### Exercise brief
Transcribe all the entries that follow, leaving nothing out.

START Recorded information

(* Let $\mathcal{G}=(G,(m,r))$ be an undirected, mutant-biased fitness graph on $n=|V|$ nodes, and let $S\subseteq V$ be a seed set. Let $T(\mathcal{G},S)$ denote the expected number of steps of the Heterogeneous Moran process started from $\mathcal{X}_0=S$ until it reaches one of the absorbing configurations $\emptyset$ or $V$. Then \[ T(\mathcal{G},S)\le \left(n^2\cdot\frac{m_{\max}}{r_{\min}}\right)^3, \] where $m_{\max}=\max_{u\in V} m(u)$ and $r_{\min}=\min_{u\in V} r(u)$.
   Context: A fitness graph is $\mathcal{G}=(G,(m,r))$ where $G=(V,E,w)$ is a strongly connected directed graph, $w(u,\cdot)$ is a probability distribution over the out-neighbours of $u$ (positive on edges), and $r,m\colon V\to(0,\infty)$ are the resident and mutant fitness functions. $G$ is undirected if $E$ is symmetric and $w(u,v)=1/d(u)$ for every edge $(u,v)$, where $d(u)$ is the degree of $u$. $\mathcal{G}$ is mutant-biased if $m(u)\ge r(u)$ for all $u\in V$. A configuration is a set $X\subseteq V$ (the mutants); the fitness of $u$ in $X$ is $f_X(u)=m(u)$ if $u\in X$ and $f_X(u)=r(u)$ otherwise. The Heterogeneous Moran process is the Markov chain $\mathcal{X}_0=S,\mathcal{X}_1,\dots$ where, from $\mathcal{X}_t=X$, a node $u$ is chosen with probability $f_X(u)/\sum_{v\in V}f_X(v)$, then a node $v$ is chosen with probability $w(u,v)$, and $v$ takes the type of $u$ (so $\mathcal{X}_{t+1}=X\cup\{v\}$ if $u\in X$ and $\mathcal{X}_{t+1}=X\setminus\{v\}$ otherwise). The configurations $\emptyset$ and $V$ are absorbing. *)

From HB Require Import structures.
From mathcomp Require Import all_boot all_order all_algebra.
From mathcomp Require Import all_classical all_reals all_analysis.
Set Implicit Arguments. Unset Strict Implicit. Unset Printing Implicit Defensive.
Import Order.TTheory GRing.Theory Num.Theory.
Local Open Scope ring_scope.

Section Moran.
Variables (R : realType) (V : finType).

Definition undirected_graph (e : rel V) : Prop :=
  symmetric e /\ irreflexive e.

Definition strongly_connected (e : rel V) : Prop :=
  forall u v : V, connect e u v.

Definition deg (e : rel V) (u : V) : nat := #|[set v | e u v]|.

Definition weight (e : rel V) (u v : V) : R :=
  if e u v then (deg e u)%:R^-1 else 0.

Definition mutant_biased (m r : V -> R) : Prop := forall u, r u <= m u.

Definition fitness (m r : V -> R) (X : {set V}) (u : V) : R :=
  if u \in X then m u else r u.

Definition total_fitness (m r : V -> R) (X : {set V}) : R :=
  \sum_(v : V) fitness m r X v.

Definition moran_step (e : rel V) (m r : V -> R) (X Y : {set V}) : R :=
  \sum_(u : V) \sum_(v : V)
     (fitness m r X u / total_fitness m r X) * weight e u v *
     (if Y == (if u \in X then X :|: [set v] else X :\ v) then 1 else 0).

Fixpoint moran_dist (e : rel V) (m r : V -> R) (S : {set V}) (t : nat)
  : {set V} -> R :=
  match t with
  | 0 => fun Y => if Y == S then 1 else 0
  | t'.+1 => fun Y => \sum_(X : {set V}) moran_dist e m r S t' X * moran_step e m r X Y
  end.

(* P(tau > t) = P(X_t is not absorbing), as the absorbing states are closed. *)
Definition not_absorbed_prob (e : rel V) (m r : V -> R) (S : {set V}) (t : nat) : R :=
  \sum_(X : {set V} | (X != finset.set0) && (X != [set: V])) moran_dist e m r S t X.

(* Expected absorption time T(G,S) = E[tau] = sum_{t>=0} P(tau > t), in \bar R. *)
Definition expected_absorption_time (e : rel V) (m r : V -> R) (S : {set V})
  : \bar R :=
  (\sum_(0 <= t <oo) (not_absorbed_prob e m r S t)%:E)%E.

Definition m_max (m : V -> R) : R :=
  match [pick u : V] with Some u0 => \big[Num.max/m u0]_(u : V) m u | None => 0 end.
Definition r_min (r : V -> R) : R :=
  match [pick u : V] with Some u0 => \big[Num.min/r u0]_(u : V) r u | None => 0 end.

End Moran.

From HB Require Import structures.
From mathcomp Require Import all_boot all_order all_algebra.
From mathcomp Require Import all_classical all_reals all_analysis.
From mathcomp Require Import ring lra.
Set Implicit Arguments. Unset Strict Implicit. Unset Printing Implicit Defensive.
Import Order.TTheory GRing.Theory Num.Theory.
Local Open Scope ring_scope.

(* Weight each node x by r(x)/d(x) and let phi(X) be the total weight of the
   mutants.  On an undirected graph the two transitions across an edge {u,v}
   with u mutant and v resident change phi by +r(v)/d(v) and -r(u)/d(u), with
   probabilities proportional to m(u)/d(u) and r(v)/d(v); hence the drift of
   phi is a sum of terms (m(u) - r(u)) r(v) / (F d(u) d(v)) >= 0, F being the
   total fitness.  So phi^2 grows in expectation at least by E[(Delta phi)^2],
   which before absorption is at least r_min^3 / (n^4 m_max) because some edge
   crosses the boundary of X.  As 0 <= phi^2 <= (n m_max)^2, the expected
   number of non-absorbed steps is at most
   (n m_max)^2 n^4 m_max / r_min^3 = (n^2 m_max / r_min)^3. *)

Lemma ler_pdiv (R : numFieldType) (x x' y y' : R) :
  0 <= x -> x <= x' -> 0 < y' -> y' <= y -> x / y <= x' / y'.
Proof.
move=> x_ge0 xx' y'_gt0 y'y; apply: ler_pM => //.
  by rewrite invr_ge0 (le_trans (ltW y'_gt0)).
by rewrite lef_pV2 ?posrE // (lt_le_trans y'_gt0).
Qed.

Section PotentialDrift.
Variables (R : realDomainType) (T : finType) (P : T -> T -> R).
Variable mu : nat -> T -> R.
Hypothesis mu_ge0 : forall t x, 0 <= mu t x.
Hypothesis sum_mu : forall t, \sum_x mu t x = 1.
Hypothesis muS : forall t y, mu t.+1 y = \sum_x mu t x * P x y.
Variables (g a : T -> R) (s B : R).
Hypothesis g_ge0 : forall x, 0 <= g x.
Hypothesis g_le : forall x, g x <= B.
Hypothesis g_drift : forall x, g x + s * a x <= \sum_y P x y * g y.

END Recorded information

### Solution
(* Let $\mathcal{G}=(G,(m,r))$ be an undirected, mutant-biased fitness graph on $n=|V|$ nodes, and let $S\subseteq V$ be a seed set. Let $T(\mathcal{G},S)$ denote the expected number of steps of the Heterogeneous Moran process started from $\mathcal{X}_0=S$ until it reaches one of the absorbing configurations $\emptyset$ or $V$. Then \[ T(\mathcal{G},S)\le \left(n^2\cdot\frac{m_{\max}}{r_{\min}}\right)^3, \] where $m_{\max}=\max_{u\in V} m(u)$ and $r_{\min}=\min_{u\in V} r(u)$.
   Context: A fitness graph is $\mathcal{G}=(G,(m,r))$ where $G=(V,E,w)$ is a strongly connected directed graph, $w(u,\cdot)$ is a probability distribution over the out-neighbours of $u$ (positive on edges), and $r,m\colon V\to(0,\infty)$ are the resident and mutant fitness functions. $G$ is undirected if $E$ is symmetric and $w(u,v)=1/d(u)$ for every edge $(u,v)$, where $d(u)$ is the degree of $u$. $\mathcal{G}$ is mutant-biased if $m(u)\ge r(u)$ for all $u\in V$. A configuration is a set $X\subseteq V$ (the mutants); the fitness of $u$ in $X$ is $f_X(u)=m(u)$ if $u\in X$ and $f_X(u)=r(u)$ otherwise. The Heterogeneous Moran process is the Markov chain $\mathcal{X}_0=S,\mathcal{X}_1,\dots$ where, from $\mathcal{X}_t=X$, a node $u$ is chosen with probability $f_X(u)/\sum_{v\in V}f_X(v)$, then a node $v$ is chosen with probability $w(u,v)$, and $v$ takes the type of $u$ (so $\mathcal{X}_{t+1}=X\cup\{v\}$ if $u\in X$ and $\mathcal{X}_{t+1}=X\setminus\{v\}$ otherwise). The configurations $\emptyset$ and $V$ are absorbing. *)

From HB Require Import structures.
From mathcomp Require Import all_boot all_order all_algebra.
From mathcomp Require Import all_classical all_reals all_analysis.
Set Implicit Arguments. Unset Strict Implicit. Unset Printing Implicit Defensive.
Import Order.TTheory GRing.Theory Num.Theory.
Local Open Scope ring_scope.

Section Moran.
Variables (R : realType) (V : finType).

Definition undirected_graph (e : rel V) : Prop :=
  symmetric e /\ irreflexive e.

Definition strongly_connected (e : rel V) : Prop :=
  forall u v : V, connect e u v.

Definition deg (e : rel V) (u : V) : nat := #|[set v | e u v]|.

Definition weight (e : rel V) (u v : V) : R :=
  if e u v then (deg e u)%:R^-1 else 0.

Definition mutant_biased (m r : V -> R) : Prop := forall u, r u <= m u.

Definition fitness (m r : V -> R) (X : {set V}) (u : V) : R :=
  if u \in X then m u else r u.

Definition total_fitness (m r : V -> R) (X : {set V}) : R :=
  \sum_(v : V) fitness m r X v.

Definition moran_step (e : rel V) (m r : V -> R) (X Y : {set V}) : R :=
  \sum_(u : V) \sum_(v : V)
     (fitness m r X u / total_fitness m r X) * weight e u v *
     (if Y == (if u \in X then X :|: [set v] else X :\ v) then 1 else 0).

Fixpoint moran_dist (e : rel V) (m r : V -> R) (S : {set V}) (t : nat)
  : {set V} -> R :=
  match t with
  | 0 => fun Y => if Y == S then 1 else 0
  | t'.+1 => fun Y => \sum_(X : {set V}) moran_dist e m r S t' X * moran_step e m r X Y
  end.

(* P(tau > t) = P(X_t is not absorbing), as the absorbing states are closed. *)
Definition not_absorbed_prob (e : rel V) (m r : V -> R) (S : {set V}) (t : nat) : R :=
  \sum_(X : {set V} | (X != finset.set0) && (X != [set: V])) moran_dist e m r S t X.

(* Expected absorption time T(G,S) = E[tau] = sum_{t>=0} P(tau > t), in \bar R. *)
Definition expected_absorption_time (e : rel V) (m r : V -> R) (S : {set V})
  : \bar R :=
  (\sum_(0 <= t <oo) (not_absorbed_prob e m r S t)%:E)%E.

Definition m_max (m : V -> R) : R :=
  match [pick u : V] with Some u0 => \big[Num.max/m u0]_(u : V) m u | None => 0 end.
Definition r_min (r : V -> R) : R :=
  match [pick u : V] with Some u0 => \big[Num.min/r u0]_(u : V) r u | None => 0 end.

End Moran.

From HB Require Import structures.
From mathcomp Require Import all_boot all_order all_algebra.
From mathcomp Require Import all_classical all_reals all_analysis.
From mathcomp Require Import ring lra.
Set Implicit Arguments. Unset Strict Implicit. Unset Printing Implicit Defensive.
Import Order.TTheory GRing.Theory Num.Theory.
Local Open Scope ring_scope.

(* Weight each node x by r(x)/d(x) and let phi(X) be the total weight of the
   mutants.  On an undirected graph the two transitions across an edge {u,v}
   with u mutant and v resident change phi by +r(v)/d(v) and -r(u)/d(u), with
   probabilities proportional to m(u)/d(u) and r(v)/d(v); hence the drift of
   phi is a sum of terms (m(u) - r(u)) r(v) / (F d(u) d(v)) >= 0, F being the
   total fitness.  So phi^2 grows in expectation at least by E[(Delta phi)^2],
   which before absorption is at least r_min^3 / (n^4 m_max) because some edge
   crosses the boundary of X.  As 0 <= phi^2 <= (n m_max)^2, the expected
   number of non-absorbed steps is at most
   (n m_max)^2 n^4 m_max / r_min^3 = (n^2 m_max / r_min)^3. *)

Lemma ler_pdiv (R : numFieldType) (x x' y y' : R) :
  0 <= x -> x <= x' -> 0 < y' -> y' <= y -> x / y <= x' / y'.
Proof.
move=> x_ge0 xx' y'_gt0 y'y; apply: ler_pM => //.
  by rewrite invr_ge0 (le_trans (ltW y'_gt0)).
by rewrite lef_pV2 ?posrE // (lt_le_trans y'_gt0).
Qed.

Section PotentialDrift.
Variables (R : realDomainType) (T : finType) (P : T -> T -> R).
Variable mu : nat -> T -> R.
Hypothesis mu_ge0 : forall t x, 0 <= mu t x.
Hypothesis sum_mu : forall t, \sum_x mu t x = 1.
Hypothesis muS : forall t y, mu t.+1 y = \sum_x mu t x * P x y.
Variables (g a : T -> R) (s B : R).
Hypothesis g_ge0 : forall x, 0 <= g x.
Hypothesis g_le : forall x, g x <= B.
Hypothesis g_drift : forall x, g x + s * a x <= \sum_y P x y * g y.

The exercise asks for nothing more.